On that basis, it makes absolute sense to have international standards.for commodities which are traded internationally. And for them to work, they must be common standards that are known and recognised by buyers and sellers alike.
Such standards are not in any way a restraint on trade – quite the reverse. When properly and sensitively crafted, they facilitate trade and are seen, overall, as beneficial. As such, they are a necessary precursor to free trade. Clearly, that applies here
with South African bananas.
This being the case, it is unsurprising that many commodity standards pre-date EU regulations. In fact, much of the current EU legislation for agricultural produce is based on a British model developed long before we joined the EEC. Even in the land of the free, the United States, agricultural produce for inter-state commerce was being regulated as early as 1880.
Nor is it a surprise that much regulation is actively sought after by the trade itself. Take meat safety, for instance. Few people realise that official inspection did not become compulsory in this country until 1963 yet, for decades before that, producers had voluntarily paid for inspection as a measure to improve consumer confidence in their products.
And when, in 1964, the Six in the then EEC imposed mandatory inspection of imported meat, to be carried out at the point of slaughter, the system was based on a regime developed by the British.

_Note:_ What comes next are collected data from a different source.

Definition equiv_strict {A} (f g : formula A) : Prop :=
  forall H T tau lam, strict_trace H T tau lam ->
    forall k, in_len lam k -> sat H T tau lam (Iff f g) k.

From Pilot Require Import Defs.
From Stdlib Require Import PeanoNat Lia Classical.

(* On a strictly increasing timing the distance between two distinct positions
   is positive, so a witness at distance exactly n > 0 lies strictly after
   (before) the current position k.  The step from k to k + 1 (from k - 1 to k)
   then takes some time i with 1 <= i <= n, and the witness is at distance
   exactly n - i from the neighbouring position. *)

Definition strict_timing (tau : nat -> nat) (lam : option nat) : Prop :=
  forall i, in_len lam (i + 1) -> tau i < tau (i + 1).

Lemma in_len_le lam a b : a <= b -> in_len lam b -> in_len lam a.
Proof. destruct lam; simpl; lia. Qed.

Lemma equiv_strict_intro A (f g : formula A) :
  (forall H T tau lam, strict_timing tau lam -> forall k, in_len lam k ->
     (sat H T tau lam f k <-> sat H T tau lam g k)) ->
  equiv_strict f g.
Proof.
  intros E H T tau lam (_ & _ & Htau) k Hk.
  pose proof (E H T tau lam Htau k Hk); pose proof (E T T tau lam Htau k Hk).
  unfold Iff; cbn [sat]; tauto.
Qed.

Section Semantics.

Context {A : Type}.
Variables (H T : nat -> A -> Prop) (tau : nat -> nat) (lam : option nat).
Notation sat := (sat H T tau lam).

Lemma sat_Top k : sat Top k.
Proof. split; intros []. Qed.

Lemma sat_bigOr n (f : nat -> formula A) k : 0 < n ->
  sat (bigOr n f) k <-> exists i, 1 <= i <= n /\ sat (f i) k.
Proof.
  induction n as [|[|n] IH]; intros Hn; [lia| |].
  - split; [intros Hf; exists 1; split; [lia | exact Hf]|].
    intros (i & Hi & Hf); now replace i with 1 in Hf by lia.
  - change (sat (bigOr (S n) f) k \/ sat (f (S (S n))) k <->
            exists i, 1 <= i <= S (S n) /\ sat (f i) k).
    rewrite IH by lia. split.
    + intros [(i & Hi & Hf) | Hf]; [exists i | exists (S (S n))]; split; auto; lia.
    + intros (i & Hi & Hf).
      destruct (Nat.eq_dec i (S (S n))) as [->|]; [now right | left; exists i; split; auto; lia].
Qed.

Lemma sat_bigAnd n (f : nat -> formula A) k : 0 < n ->
  sat (bigAnd n f) k <-> forall i, 1 <= i <= n -> sat (f i) k.
Proof.
  induction n as [|[|n] IH]; intros Hn; [lia| |].
  - split; [intros Hf i Hi; now replace i with 1 by lia | intros Hf; apply Hf; lia].
  - change (sat (bigAnd (S n) f) k /\ sat (f (S (S n))) k <->
            forall i, 1 <= i <= S (S n) -> sat (f i) k).
    rewrite IH by lia. split.
    + intros [Hf Hlast] i Hi.
      destruct (Nat.eq_dec i (S (S n))) as [->|]; [exact Hlast | apply Hf; lia].
    + intros Hf; split; [intros i Hi|]; apply Hf; lia.
Qed.

Lemma sat_WNext m n f k :
  sat (WNext m n f) k <->
  (in_len lam (k + 1) -> in_int m n (tau (k + 1) - tau k) -> sat f (k + 1)).
Proof.
  unfold WNext, Neg; cbn [Defs.sat]. split.
  - intros [(_ & Hf & _) | [Hno _]] Hk1 Hstep; [exact Hf|].
    exfalso; apply Hno; split; [|split]; auto using sat_Top.
  - intros Himp.
    destruct (classic (in_len lam (k + 1) /\ in_int m n (tau (k + 1) - tau k)))
      as [[Hk1 Hstep] | Hno]; [left; auto | right].
    split; intros (Hk1 & _ & Hstep); apply Hno; auto.
Qed.

Lemma sat_WPrev m n f k :
  sat (WPrev m n f) k <->
  (0 < k -> in_int m n (tau k - tau (k - 1)) -> sat f (k - 1)).
Proof.
  unfold WPrev, Neg; cbn [Defs.sat]. split.
  - intros [(_ & Hf & _) | [Hno _]] Hk0 Hstep; [exact Hf|].
    exfalso; apply Hno; split; [|split]; auto using sat_Top.
  - intros Himp.
    destruct (classic (0 < k /\ in_int m n (tau k - tau (k - 1))))
      as [[Hk0 Hstep] | Hno]; [left; auto | right].
    split; intros (Hk0 & _ & Hstep); apply Hno; auto.
Qed.

Hypothesis Htau : strict_timing tau lam.

Lemma tau_mono a b : a <= b -> in_len lam b -> tau a <= tau b.
Proof.
  induction 1 as [|b Hab IH]; intros Hb; [lia|].
  rewrite <- Nat.add_1_r in Hb |- *.
  pose proof (Htau b Hb).
  enough (tau a <= tau b) by lia.
  apply IH, (in_len_le lam b (b + 1)); [lia | exact Hb].
Qed.

Lemma first_step k j : k < j -> in_len lam j ->
  in_len lam (k + 1) /\ tau k < tau (k + 1) <= tau j.
Proof.
  intros Hkj Hj.
  assert (Hk1 : in_len lam (k + 1)) by (apply (in_len_le lam _ j); [lia | exact Hj]).
  split; [exact Hk1|].
  split; [exact (Htau k Hk1) | apply tau_mono; [lia | exact Hj]].
Qed.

It had been imposed in response to the Aberdeen typhoid outbreak, which had been linked to Argentinean corned beef, again to promote confidence in international trade.

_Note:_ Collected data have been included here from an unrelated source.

Lemma widen_permE s j : widen_perm s (widen_ord hnN j) = widen_ord hnN (s j).
Proof.
rewrite permE /widen_perm_fun /=; case: insubP => [j' _ vj|] /=; last by rewrite ltn_ord.
by congr (widen_ord _ (s _)); apply: val_inj.
Qed.

Lemma proj_permt_widen (T : Type) s (x : N.-tuple T) :
  proj hnN (permt x (widen_perm s)) = permt (proj hnN x) s.
Proof. by apply: eq_from_tnth => i; rewrite !tnth_mktuple widen_permE. Qed.

End WidenPerm.

Section Types.
Variable S : choiceType.

Lemma eps_count M (x : M.-tuple S) (A : set S) :
  eps x A = count (fun a => a \in A) x.
Proof.
rewrite /eps -sum1_count big_tuple [RHS]big_mkcond /=.
by apply: eq_bigr => i _; case: (tnth x i \in A).
Qed.

Lemma eps_perm_eq M (x y : M.-tuple S) : eps y = eps x <-> perm_eq y x.
Proof.
split=> [e|/seq.permP e]; last by apply: funext => A; rewrite !eps_count e.
apply/seq.permP => P; have := congr1 (fun nu => nu [set a | P a]) e.
have count_set (s : seq S) : count (fun a => a \in [set a | P a]) s = count P s.
  by apply: eq_count => a; apply/idP/idP; rewrite in_setE.
by rewrite !eps_count !count_set.
Qed.

Lemma point_measure_eps M (x : M.-tuple S) : point_measure M (eps x).
Proof.
exists M, (fun _ => 1%N), (tnth x); split; last by rewrite sum1_card card_ord.
by move=> A; apply: eq_bigr => i _; rewrite mul1n.
Qed.

Lemma point_measure_epsP M (nu : nmeasure S) :
  point_measure M nu -> exists x : M.-tuple S, eps x = nu.
Proof.
move=> [d [c [a [nuE sum_c]]]].
pose s := flatten [seq nseq (c i) (a i) | i <- enum 'I_d].
have size_s : size s == M.
  rewrite size_flatten /shape -map_comp sumnE big_map big_enum /= -sum_c.
  by apply/eqP; apply: eq_bigr => i _; rewrite /= size_nseq.
exists (Tuple size_s); apply: funext => A; rewrite eps_count nuE /= count_flatten.
rewrite -map_comp sumnE big_map big_enum /=; apply: eq_bigr => i _.
by rewrite /= count_nseq mulnC.
Qed.

End Types.

Section UniformMeasureOnOrbits.
Variable R : realType.

Lemma sum_fiber (X Y : finType) (phi : X -> Y) (F : Y -> R) :
  \sum_x F (phi x) = \sum_y F y * \sum_x (phi x == y)%:R.
Proof.
transitivity (\sum_x \sum_y (phi x == y)%:R * F y).
  apply: eq_bigr => x _; rewrite (bigD1 (phi x)) //= eqxx mul1r big1 ?addr0 //.
  by move=> y /negPf; rewrite eq_sym => ->; rewrite mul0r.
rewrite exchange_big /=; apply: eq_bigr => y _; rewrite big_distrr /=.
by apply: eq_bigr => x _; rewrite mulrC.
Qed.

(* Each tuple of the orbit is hit by a coset of the stabiliser of x. *)
Lemma sum_permt_orbit (T : eqType) M (x : M.-tuple T) (F : M.-tuple T -> R) :
  \sum_(s : 'S_M) F (permt x s) =
  (\sum_(s : 'S_M) (permt x s == x)%:R) * \sum_(y <- undup (codom (permt x))) F y.
Proof.
set orb := undup _.
have orb_permt s : permt x s \in orb by rewrite mem_undup codom_f.
transitivity (\sum_(s : 'S_M) \sum_(y <- orb) (permt x s == y)%:R * F y).
  apply: eq_bigr => s _; rewrite (bigD1_seq (permt x s)) ?undup_uniq //=.
  rewrite eqxx mul1r big1 ?addr0 // => y /negPf.
  by rewrite eq_sym => ->; rewrite mul0r.
rewrite exchange_big /= big_distrr /=; apply: eq_big_seq => y.
rewrite mem_undup => /codomP [s0 ->]; rewrite -big_distrl /=; congr (_ * _).
rewrite (reindex_inj (mulgI s0)) /=; apply: eq_bigr => s _.
by rewrite -permtM (inj_eq (@permt_inj _ _ s0)).
Qed.

Lemma unif_eps (T : choiceType) M (x : M.-tuple T) (B : set (M.-tuple T)) :
  unif R (SN (eps x)) B = (\sum_(s : 'S_M) (permt x s \in B)%:R) / (M`!)%:R.
Proof.
set orb := undup (codom (permt x)).
have SN_orb : SN (eps x) = [set` orb].
  apply/seteqP; split => y /=.
    by move/eps_perm_eq/perm_eq_permtP => [s ->]; rewrite mem_undup codom_f.
  by rewrite mem_undup => /codomP [s ->]; apply/eps_perm_eq/perm_eq_permtP; exists s.
rewrite /unif SN_orb fsbig_mkcondr -!fsbig_seq ?undup_uniq //.
have -> : (M`!)%:R = \sum_(s : 'S_M) (1 : R) by rewrite sumr_const card_Sn.
rewrite (sum_permt_orbit x (fun y => (y \in B)%:R)) (sum_permt_orbit x (fun _ => 1)).
have stab_neq0 : \sum_(s : 'S_M) (permt x s == x)%:R != 0 :> R.
  rewrite (bigD1 1%g) //= permt1 eqxx lt0r_neq0 // ltr_wpDr //.
  by apply: sumr_ge0 => s _; apply: ler0n.
rewrite -mulf_div divff // mul1r; congr (_ / _).
by apply: eq_bigr => y _; case: (y \in B).
Qed.

Lemma umarg_eps (S : choiceType) n N (hnN : (n <= N)%N) (x : N.-tuple S)
    (A : set (n.-tuple S)) :
  umarg R hnN (eps x) A =
  (\sum_(s : 'S_N) (proj hnN (permt x s) \in A)%:R) / (N`!)%:R.
Proof. by rewrite /umarg unif_eps. Qed.

Definition marg_pmf (T : eqType) n N (hnN : (n <= N)%N) (x : N.-tuple T)
    (t : n.-tuple T) : R :=
  (\sum_(s : 'S_N) (proj hnN (permt x s) == t)%:R) / (N`!)%:R.

Lemma umarg_eps_map (S : choiceType) (T : finType) n N (hnN : (n <= N)%N)
    (f : T -> S) (x : N.-tuple T) (A : set (n.-tuple S)) :
  umarg R hnN (eps (map_tuple f x)) A =
  \sum_(t : n.-tuple T) (map_tuple f t \in A)%:R * marg_pmf hnN x t.
Proof.
rewrite umarg_eps /marg_pmf.
under eq_bigr do rewrite permt_map proj_map.
rewrite (sum_fiber (fun s => proj hnN (permt x s)) (fun t => (map_tuple f t \in A)%:R)).
by rewrite big_distrl /=; apply: eq_bigr => t _; rewrite mulrA.
Qed.

Lemma umarg_eps_map_lin (S : choiceType) (T : finType) n N (hnN : (n <= N)%N)
    (f : T -> S) (y : n.-tuple T) (w : N.-tuple T -> R) :
  (forall t, marg_pmf (leqnn n) y t = \sum_x w x * marg_pmf hnN x t) ->
  forall A, umarg R (leqnn n) (eps (map_tuple f y)) A =
            \sum_x w x * umarg R hnN (eps (map_tuple f x)) A.
Proof.
move=> yE A; rewrite umarg_eps_map.
under eq_bigr do rewrite yE big_distrr /=.
rewrite exchange_big /=; apply: eq_bigr => x _; rewrite umarg_eps_map big_distrr /=.
by apply: eq_bigr => t _; rewrite mulrCA.
Qed.

End UniformMeasureOnOrbits.

Section MarginalSpan.
Variables (R : realType) (T : finType) (n N : nat) (hnN : (n <= N)%N).

Lemma marg_pmf_ge0 m M (le_mM : (m <= M)%N) (x : M.-tuple T) (t : m.-tuple T) :
  0 <= marg_pmf R le_mM x t.
Proof. by apply: divr_ge0 => //; apply: sumr_ge0 => s _; apply: ler0n. Qed.

Lemma marg_pmf_neq0 (x : N.-tuple T) (t : n.-tuple T) :
  marg_pmf R hnN x t != 0 -> exists s, proj hnN (permt x s) = t.
Proof.
apply: contraNP => no_s; rewrite /marg_pmf big1 ?mul0r // => s _.
by case: eqP => // e; case: no_s; exists s.
Qed.

Lemma marg_pmf_perm_eq m M (le_mM : (m <= M)%N) (x y : M.-tuple T) (t : m.-tuple T) :
  perm_eq y x -> marg_pmf R le_mM y t = marg_pmf R le_mM x t.
Proof.
move=> /perm_eq_permtP [r ->]; rewrite /marg_pmf; congr (_ / _).
by rewrite [RHS](reindex_inj (mulIg r)) /=; apply: eq_bigr => s _; rewrite permtM.
Qed.

Lemma marg_pmf_permt (x : N.-tuple T) (t : n.-tuple T) (s : 'S_n) :
  marg_pmf R hnN x (permt t s) = marg_pmf R hnN x t.
Proof.
rewrite /marg_pmf; congr (_ / _).
rewrite (reindex_inj (mulgI (widen_perm hnN s))) /=; apply: eq_bigr => r _.
by rewrite -permtM proj_permt_widen (inj_eq (@permt_inj _ _ s)).
Qed.

(* Exchangeability: the marginal is a mixture of the uniform laws on the orbits
   of its atoms. *)
Lemma marg_pmf_mixture (x : N.-tuple T) (t : n.-tuple T) :
  marg_pmf R hnN x t =
  \sum_(y : n.-tuple T) marg_pmf R hnN x y * marg_pmf R (leqnn n) y t.
Proof.
have fact_neq0 : (n`!)%:R != 0 :> R by rewrite pnatr_eq0 -lt0n fact_gt0.
transitivity (\sum_(s : 'S_n) marg_pmf R hnN x t / (n`!)%:R).
  rewrite -big_distrl /= sumr_const card_Sn -[_ *+ _]mulr_natr mulfK //.
rewrite /(marg_pmf _ (leqnn n)); under [RHS]eq_bigr do rewrite mulrA big_distrr.
rewrite -[RHS]big_distrl exchange_big -big_distrl /=; congr (_ / _).
apply: eq_bigr => s _; rewrite (bigD1 (permt t s^-1)) //=.
rewrite proj_id permtM mulgV permt1 eqxx mulr1 marg_pmf_permt big1 ?addr0 //.
move=> y; rewrite proj_id; case: (permt y s =P t) => [<-|]; last by rewrite mulr0.
by rewrite permtK eqxx.
Qed.

Section Padding.
Variable z : T.

Lemma pad_size (y : n.-tuple T) : size (val y ++ nseq (N - n) z) == N.
Proof. by rewrite size_cat size_tuple size_nseq subnKC. Qed.

Definition pad (y : n.-tuple T) : N.-tuple T := Tuple (pad_size y).

Lemma proj_pad y : proj hnN (pad y) = y.
Proof.
apply: eq_from_tnth => i; rewrite tnth_mktuple (tnth_nth z) /= nth_cat size_tuple.
by rewrite ltn_ord -tnth_nth.
Qed.

Lemma marg_pmf_pad_gt0 y : 0 < marg_pmf R hnN (pad y) y.
Proof.
rewrite /marg_pmf divr_gt0 ?ltr0n ?fact_gt0 // (bigD1 1%g) //= permt1 proj_pad eqxx.
by rewrite ltr_wpDr //; apply: sumr_ge0 => s _; apply: ler0n.
Qed.

(* Projecting a permutation of [pad y] can only trade letters of y for
   copies of z. *)
Lemma count_mem_lt_pad (y t : n.-tuple T) :
  marg_pmf R hnN (pad y) t != 0 -> ~~ perm_eq t y ->
  (count_mem z y < count_mem z t)%N.
Proof.
move=> /marg_pmf_neq0 [s <-]; set x := permt _ s.
have x_pad : perm_eq x (pad y) by apply/perm_eq_permtP; exists s.
apply: contraR; rewrite -leqNgt => le_z.
have le_count a : (count_mem a (proj hnN x) <= count_mem a y)%N.
  case: (eqVneq a z) => [-> //|az].
  apply: leq_trans (count_mem_proj hnN x a) _.
  by rewrite (seq.permP x_pad) /= count_cat count_nseq /= eq_sym (negPf az) mul0n addn0.
have [y' sub_y' perm_y'] := (count_subseqP _ _).1 le_count.
have := size_subseq_leqif sub_y'.
rewrite -(perm_size perm_y') !size_tuple => -[_]; rewrite eqxx => /esym/eqP.
by move=> eq_y'; rewrite -eq_y'.
Qed.

End Padding.

Definition marg_span (f : n.-tuple T -> R) : Prop :=
  exists w : N.-tuple T -> R, forall t, f t = \sum_x w x * marg_pmf R hnN x t.

Lemma marg_span_ext (f g : n.-tuple T -> R) : f =1 g -> marg_span f -> marg_span g.
Proof. by move=> fg [w fE]; exists w => t; rewrite -fg. Qed.

Lemma marg_span_marg_pmf (x : N.-tuple T) : marg_span (marg_pmf R hnN x).
Proof.
exists (fun x' => (x' == x)%:R) => t.
by rewrite (bigD1 x) //= eqxx mul1r big1 ?addr0 // => x' /negPf ->; rewrite mul0r.
Qed.

Lemma marg_span_lin (a b : R) (f g : n.-tuple T -> R) :
  marg_span f -> marg_span g -> marg_span (fun t => a * f t + b * g t).
Proof.
move=> [wf fE] [wg gE]; exists (fun x => a * wf x + b * wg x) => t.
rewrite fE gE !big_distrr -big_split /=; apply: eq_bigr => x _.
by rewrite mulrDl !mulrA.
Qed.

Lemma marg_span_sum (I : finType) (P : pred I) (a : I -> R)
    (F : I -> n.-tuple T -> R) :
  (forall i, P i -> a i != 0 -> marg_span (F i)) ->
  marg_span (fun t => \sum_(i | P i) a i * F i t).
Proof.
move=> spanF.
have wE i : exists wi : N.-tuple T -> R, P i -> forall t,
    a i * F i t = \sum_x wi x * marg_pmf R hnN x t.
  case: (eqVneq (a i) 0) => [-> | ai_neq0].
    by exists (fun _ => 0) => _ t; rewrite mul0r big1 // => x _; rewrite mul0r.
  case: (boolP (P i)) => [Pi | notPi]; last by exists (fun _ => 0).
  have [wi wiE] := spanF i Pi ai_neq0.
  exists (fun x => a i * wi x) => _ t.
  by rewrite wiE big_distrr /=; apply: eq_bigr => x _; rewrite mulrA.
have [w {}wE] := choice wE.
exists (fun x => \sum_(i | P i) w i x) => t.
under eq_bigr => i Pi do rewrite (wE i Pi t).
by rewrite exchange_big /=; apply: eq_bigr => x _; rewrite big_distrl.
Qed.

(* Mixing the marginal of [pad z y] over its atoms isolates the uniform law of
   the orbit of y, up to atoms with more copies of z. *)
Lemma marg_span_step (z : T) (y : n.-tuple T) :
  (forall t : n.-tuple T,
     (count_mem z y < count_mem z t)%N -> marg_span (marg_pmf R (leqnn n) t)) ->
  marg_span (marg_pmf R (leqnn n) y).
Proof.
move=> IH; set x := pad z y.
pose beta := \sum_(t : n.-tuple T | perm_eq t y) marg_pmf R hnN x t.
pose rest (t : n.-tuple T) := \sum_(t' : n.-tuple T | ~~ perm_eq t' y) marg_pmf R hnN x t' * marg_pmf R (leqnn n) t' t.
have beta_gt0 : 0 < beta.
  rewrite /beta (bigD1 y) ?perm_refl //= ltr_wpDr ?marg_pmf_pad_gt0 //.
  by apply: sumr_ge0 => t _; apply: marg_pmf_ge0.
have span_rest : marg_span rest.
  by apply: marg_span_sum => t' not_y ne0; apply: IH; apply: count_mem_lt_pad.
apply: (marg_span_ext (f := fun t => beta^-1 * marg_pmf R hnN x t + - beta^-1 * rest t));
  last by apply: marg_span_lin => //; apply: marg_span_marg_pmf.
move=> t; rewrite marg_pmf_mixture (bigID (fun t' : n.-tuple T => perm_eq t' y)) /= -/(rest t).
have -> : \sum_(t' : n.-tuple T | perm_eq t' y) marg_pmf R hnN x t' * marg_pmf R (leqnn n) t' t =
          beta * marg_pmf R (leqnn n) y t.
  rewrite /beta big_distrl /=; apply: eq_bigr => t' t'_y.
  by rewrite (marg_pmf_perm_eq _ _ t'_y).
by rewrite mulrDr mulrA mulVf ?lt0r_neq0 // mul1r mulNr addrK.
Qed.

The important thing, therefore, is not the absence of regulation, but the right sort of regulation – sufficient for the purpose and not too onerous – applied only where it is needed. Where the EU most often went wrong was (and is) in applying export standards to internal trade - or where grading requirements were applied, prohibiting trade in ungraded produce.
To an extent, this is being addressed
, with the EU progressively relaxing standards (allowing misshapen fruit and vegetables), so some of the the issues that Farage raises in his pamphlet have less force anyway.
That aside, regulation does not only apply to goods, but also services such as air travel. Here for instance, if we look at requirements for commercial aviation, we see minimum regulations applied to the equipment required by airliners to enable them to land in reduced visibility conditions.
Knowing Farage's intimate acquaintance with aviation safety, one suspects he would not want to see such regulations removed or weakened. Would he really be happy with a blank piece of paper when it came to his flying to Strasbourg to pick up his expenses?
Thus, the real issue is that, even if reduced, a huge tranche of trade regulation will remain. It cannot be wished away. We thus have to find a way of dealing with the continuing process of adding, modifying and adapting trade regulations while outside the EU yet still trading with its member states.
In this context, to pretend that we can live without trade regulation is not helpful to the cause. We need more sophisticated arguments to carry the doubters, coming up with real world solutions that demonstrate our understanding of the realities of modern international trade. Farage's fluff simply isn't good enough.